— Task requirements —
Starting with the line that contains "(sigma : L -> M) (mu" and stopping after the line that contains "(forall x, mu", copy the entries below exactly. Include nothing else.

--*--

(* Let $\mathscr{G}=(G_{<},G_{=},G_{>},\sigma)$ be a graph $3$-partition on vertex set $L$ with coloring $\sigma\colon L\to M$. Then $\mathscr{G}$ can be explained by a relaxed scenario if and only if all of the following hold: $G_{<}$ and $G_{=}$ are properly colored by $\sigma$; $G_{<}$ and $G_{>}$ are cographs; and the pair $(\mathscr{R}_S(\mathscr{G}),\mathscr{F}_S(\mathscr{G}))$ is consistent.
   Context: All trees are planted phylogenetic trees: a tree $T$ has a distinguished vertex $0_T$ of degree $1$ whose unique neighbor $\rho_T$ is the root, and every vertex other than $0_T$ and the leaves $L(T)$ has at least two children. For $x,y\in V(T)$ write $y\preceq_T x$ if $x$ lies on the path from $0_T$ to $y$; edges are written $uv$ with $v\prec_T u$. The order extends to $V(T)\cup E(T)$: for a vertex $x$ and an edge $e=uv$, $x\preceq_T e$ iff $x\preceq_T v$, and $e\preceq_T x$ iff $u\preceq_T x$; for edges, $uv\preceq_T ab$ iff $v\preceq_T b$. $\mathrm{lca}_T(A)$ is the $\preceq_T$-minimal vertex that is an ancestor of all elements of $A$. A time map for $T$ is $\tau_T\colon V(T)\to\mathbb{R}$ with $\tau_T(x)<\tau_T(y)$ whenever $x\prec_T y$. A relaxed scenario $\mathscr{S}=(T,S,\sigma,\mu,\tau_T,\tau_S)$ consists of a gene tree $T$ with time map $\tau_T$, a species tree $S$ with time map $\tau_S$, a map $\sigma\colon L(T)\to M$ with $M\subseteq L(S)$, and a map $\mu\colon V(T)\to V(S)\cup E(S)$ such that (S0) $\mu(x)=0_S$ iff $x=0_T$; (S1) $\mu(x)\in L(S)$ iff $x\in L(T)$, in which case $\mu(x)=\sigma(x)$; (S2) if $\mu(x)\in V(S)$ then $\tau_S(\mu(x))=\tau_T(x)$; (S3) if $\mu(x)=uv\in E(S)$ then $\tau_S(v)<\tau_T(x)<\tau_S(u)$. The graphs $G_{=}(\mathscr{S})$, $G_{<}(\mathscr{S})$, $G_{>}(\mathscr{S})$ have vertex set $L(T)$, and for distinct $x,y$ the pair $xy$ is an edge of $G_{=}(\mathscr{S})$, $G_{<}(\mathscr{S})$, resp. $G_{>}(\mathscr{S})$ iff $\tau_T(\mathrm{lca}_T(x,y))$ is $=$, $<$, resp. $>$ than $\tau_S(\mathrm{lca}_S(\sigma(x),\sigma(y)))$. A graph $3$-partition $\mathscr{G}=(G_{<},G_{=},G_{>},\sigma)$ is an ordered tuple of three edge-disjoint graphs on a common vertex set $L$ with a coloring $\sigma\colon L\to M$ such that every unordered pair of distinct elements of $L$ is an edge of exactly one of the three graphs. It is explained by a relaxed scenario $\mathscr{S}=(T,S,\sigma,\mu,\tau_T,\tau_S)$ (with the same $\sigma$, so $L(T)=L$) if $G_{<}=G_{<}(\mathscr{S})$, $G_{=}=G_{=}(\mathscr{S})$, $G_{>}=G_{>}(\mathscr{S})$. A cograph is a graph with no induced path on four vertices. A rooted triple $xy|z$ is displayed by a tree $T$ if $\mathrm{lca}_T(x,y)\prec_T\mathrm{lca}_T(x,z)=\mathrm{lca}_T(y,z)$. A pair $(\mathscr{R},\mathscr{F})$ of triple sets is consistent if some tree displays all triples in $\mathscr{R}$ and none in $\mathscr{F}$. $\mathscr{R}_S(\mathscr{G})$ contains $XY|Z$ whenever there are $x,y,z\in L$ with pairwise distinct colors $X=\sigma(x)$, $Y=\sigma(y)$, $Z=\sigma(z)$ such that either ($xz,yz\in E(G_<)$ and $xy\notin E(G_<)$) or ($xy\in E(G_>)$ and $xz,yz\notin E(G_>)$). $\mathscr{F}_S(\mathscr{G})$ contains $XZ|Y$ and $YZ|X$ whenever there are $x,y,z\in L$ with pairwise distinct colors $X=\sigma(x),Y=\sigma(y),Z=\sigma(z)$ such that $xz,yz\in E(G_=)$ and $xy\notin E(G_=)$. *)

From mathcomp Require Import all_boot.
From Stdlib Require Import Reals.
Set Implicit Arguments. Unset Strict Implicit. Unset Printing Implicit Defensive.

(* A tree on the finite vertex type V is given by its planted vertex [pt0]
   and a parent map [ptpar]; [ptpar pt0 = pt0] and every vertex reaches [pt0]
   by iterating [ptpar] (so the parent graph is a tree rooted at pt0). *)
Record ptree (V : finType) := PTree {
  pt0 : V;
  ptpar : V -> V;
  ptpar0 : ptpar pt0 = pt0;
  ptreach : forall x, exists k, iter k ptpar x = pt0
}.

Definition is_child V (T : ptree V) (c x : V) : Prop :=
  c <> pt0 T /\ ptpar T c = x.

Definition is_leaf V (T : ptree V) (x : V) : Prop :=
  x <> pt0 T /\ forall c, ~ is_child T c x.

Definition planted_phylo V (T : ptree V) : Prop :=
  (exists r, is_child T r (pt0 T) /\ forall r', is_child T r' (pt0 T) -> r' = r) /\
  (forall x, x <> pt0 T -> ~ is_leaf T x ->
     exists c1 c2, c1 <> c2 /\ is_child T c1 x /\ is_child T c2 x).

Definition preceq V (T : ptree V) (y x : V) : Prop :=
  exists k, iter k (ptpar T) y = x.

Definition prec V (T : ptree V) (y x : V) : Prop := preceq T y x /\ y <> x.

Definition is_lca2 V (T : ptree V) (a b z : V) : Prop :=
  preceq T a z /\ preceq T b z /\
  forall w, preceq T a w -> preceq T b w -> preceq T z w.

Definition time_map V (T : ptree V) (tau : V -> R) : Prop :=
  forall x y, prec T x y -> (tau x < tau y)%R.

(* Leaves of the gene tree are identified with L via [lfT] (bijection onto
   L(T)); the colour set M is identified with a subset of L(S) via [lfS].
   mu x = inl v means mu(x) is the vertex v of S; mu x = inr v (v <> 0_S)
   means mu(x) is the edge (ptpar S v) v of S. *)
Definition relaxed_scenario (L M VT VS : finType)
  (T : ptree VT) (lfT : L -> VT) (S : ptree VS) (lfS : M -> VS)
  (sigma : L -> M) (mu : VT -> VS + VS) (tT : VT -> R) (tS : VS -> R) : Prop :=
  planted_phylo T /\ planted_phylo S /\
  (injective lfT /\ (forall x, is_leaf T x <-> exists l, lfT l = x)) /\
  (injective lfS /\ (forall m, is_leaf S (lfS m))) /\
  time_map T tT /\ time_map S tS /\
  (forall x v, mu x = inr v -> v <> pt0 S) /\
  (forall x, mu x = inl (pt0 S) <-> x = pt0 T) /\
  (forall x, (exists v, mu x = inl v /\ is_leaf S v) <-> is_leaf T x) /\
           (forall l, mu (lfT l) = inl (lfS (sigma l))) /\
  (forall x v, mu x = inl v -> tS v = tT x) /\
  (forall x v, mu x = inr v -> (tS v < tT x)%R /\ (tT x < tS (ptpar S v))%R).

Definition scen_graph (L M VT VS : finType)
  (T : ptree VT) (lfT : L -> VT) (S : ptree VS) (lfS : M -> VS)
  (sigma : L -> M) (tT : VT -> R) (tS : VS -> R) (cmp : R -> R -> Prop)
  (x y : L) : Prop :=
  x <> y /\ exists u w, is_lca2 T (lfT x) (lfT y) u /\
    is_lca2 S (lfS (sigma x)) (lfS (sigma y)) w /\ cmp (tT u) (tS w).

Definition simple_graph (L : finType) (G : rel L) : Prop :=
  (forall x, ~~ G x x) /\ (forall x y, G x y = G y x).

Definition graph3partition (L : finType) (Glt Geq Ggt : rel L) : Prop :=
  [/\ simple_graph Glt, simple_graph Geq, simple_graph Ggt &
      forall x y, x <> y ->
        [|| Glt x y && ~~ Geq x y && ~~ Ggt x y,
            ~~ Glt x y && Geq x y && ~~ Ggt x y
          | ~~ Glt x y && ~~ Geq x y && Ggt x y]].

Definition explained_by_relaxed_scenario (L M : finType) (Glt Geq Ggt : rel L)
  (sigma : L -> M) : Prop :=
  exists (VT VS : finType) (T : ptree VT) (lfT : L -> VT) (S : ptree VS)
         (lfS : M -> VS) (mu : VT -> VS + VS) (tT : VT -> R) (tS : VS -> R),
    relaxed_scenario T lfT S lfS sigma mu tT tS /\
    (forall x y, Glt x y <-> scen_graph T lfT S lfS sigma tT tS Rlt x y) /\
    (forall x y, Geq x y <-> scen_graph T lfT S lfS sigma tT tS (@eq R) x y) /\
    (forall x y, Ggt x y <-> scen_graph T lfT S lfS sigma tT tS Rgt x y).

Definition properly_colored (L M : finType) (G : rel L) (sigma : L -> M) : Prop :=
  forall x y, G x y -> sigma x <> sigma y.

Definition cograph (L : finType) (G : rel L) : Prop :=
  forall a b c d : L, uniq [:: a; b; c; d] ->
    ~ (G a b /\ G b c /\ G c d /\ ~ G a c /\ ~ G b d /\ ~ G a d).

Definition displays (M V : finType) (T : ptree V) (lf : M -> V) (X Y Z : M) : Prop :=
  exists u v, is_lca2 T (lf X) (lf Y) u /\ is_lca2 T (lf X) (lf Z) v /\
    is_lca2 T (lf Y) (lf Z) v /\ prec T u v.

(* a triple XY|Z is encoded by the ordered triple (X, Y, Z); sets of triples
   are predicates *)
Definition triples_consistent (M : finType) (Rs Fs : M -> M -> M -> Prop) : Prop :=
  exists (V : finType) (T : ptree V) (lf : M -> V),
    planted_phylo T /\ injective lf /\ (forall x, is_leaf T x <-> exists m, lf m = x) /\
    (forall X Y Z, Rs X Y Z -> displays T lf X Y Z) /\
    (forall X Y Z, Fs X Y Z -> ~ displays T lf X Y Z).

Definition distinct3 (M : finType) (X Y Z : M) : Prop :=
  X <> Y /\ X <> Z /\ Y <> Z.

Definition RS (L M : finType) (Glt Geq Ggt : rel L) (sigma : L -> M) (X Y Z : M) : Prop :=
  exists x y z : L, sigma x = X /\ sigma y = Y /\ sigma z = Z /\ distinct3 X Y Z /\
    ((Glt x z /\ Glt y z /\ ~ Glt x y) \/ (Ggt x y /\ ~ Ggt x z /\ ~ Ggt y z)).

Definition FS (L M : finType) (Glt Geq Ggt : rel L) (sigma : L -> M) (A B C : M) : Prop :=
  exists x y z : L, distinct3 (sigma x) (sigma y) (sigma z) /\
    Geq x z /\ Geq y z /\ ~ Geq x y /\
    ((A, B, C) = (sigma x, sigma z, sigma y) \/ (A, B, C) = (sigma y, sigma z, sigma x)).

(* Necessity.  The times of last common ancestors in the gene tree and in the
   species tree are two ultrametrics on the leaves.  A gene leaf meets another
   leaf of its colour only above the species leaf, so G< and G= are properly
   coloured; a graph {u < v} built from two ultrametrics has no induced P4; and
   the tree of balls of the species ultrametric on the colours displays R_S and
   no triple of F_S.

   Sufficiency.  Time a tree displaying R_S and avoiding F_S by numbers of
   descendants and let s be the induced ultrametric on L.  By recursion on the
   leaf set A one builds an ultrametric t with t < s, t = s, t > s exactly on
   G<, G=, G>.  If th is the time of the species root of A, the pairs that are
   not joined by a path of length at most two in G< + G= meet above th, pairs in
   different components of the "links" (G< + G= edges inside a child of the
   species root, G< edges across) meet at th, and linked pairs from different
   children meet below th: the cograph and triple conditions force all of them
   into G<.  Blocks of linked pairs inside one child are handled recursively.
   The gene tree is the tree of balls of t, and every gene vertex is mapped to
   the species vertex or edge at its time. *)

From mathcomp Require Import all_boot.
From mathcomp Require Import boolp.
From Stdlib Require Import Reals Lra.
Set Implicit Arguments. Unset Strict Implicit. Unset Printing Implicit Defensive.

Lemma exists_argmax (T : finType) (P : pred T) (f : T -> R) :
  (exists a, P a) -> exists2 w, P w & forall z, P z -> (f z <= f w)%R.
Proof.
move=> [a Pa].
suff [w] : exists2 w, w \in enum P & forall z, z \in enum P -> (f z <= f w)%R.
  by rewrite mem_enum => Pw wmax; exists w => // z Pz; apply: wmax; rewrite mem_enum.
have : enum P != [::] by apply/eqP => eP; move: (mem_enum P a); rewrite eP in_nil unfold_in Pa.
elim: (enum P) => [//|b s IH] _.
have [->|/IH [w ws wmax]] := eqVneq s [::].
  by exists b => [|z]; rewrite ?mem_seq1 // => /eqP ->; lra.
have [le_bw|lt_wb] := Rle_lt_dec (f b) (f w).
  by exists w => [|z]; rewrite in_cons ?ws ?orbT // => /orP [/eqP ->|/wmax].
exists b => [|z]; rewrite in_cons ?eqxx // => /orP [/eqP ->|/wmax]; lra.
Qed.
Arguments exists_argmax {T} P f.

--*--

— Answer section —
  (sigma : L -> M) (mu : VT -> VS + VS) (tT : VT -> R) (tS : VS -> R) : Prop :=
  planted_phylo T /\ planted_phylo S /\
  (injective lfT /\ (forall x, is_leaf T x <-> exists l, lfT l = x)) /\
  (injective lfS /\ (forall m, is_leaf S (lfS m))) /\
  time_map T tT /\ time_map S tS /\
  (forall x v, mu x = inr v -> v <> pt0 S) /\
  (forall x, mu x = inl (pt0 S) <-> x = pt0 T) /\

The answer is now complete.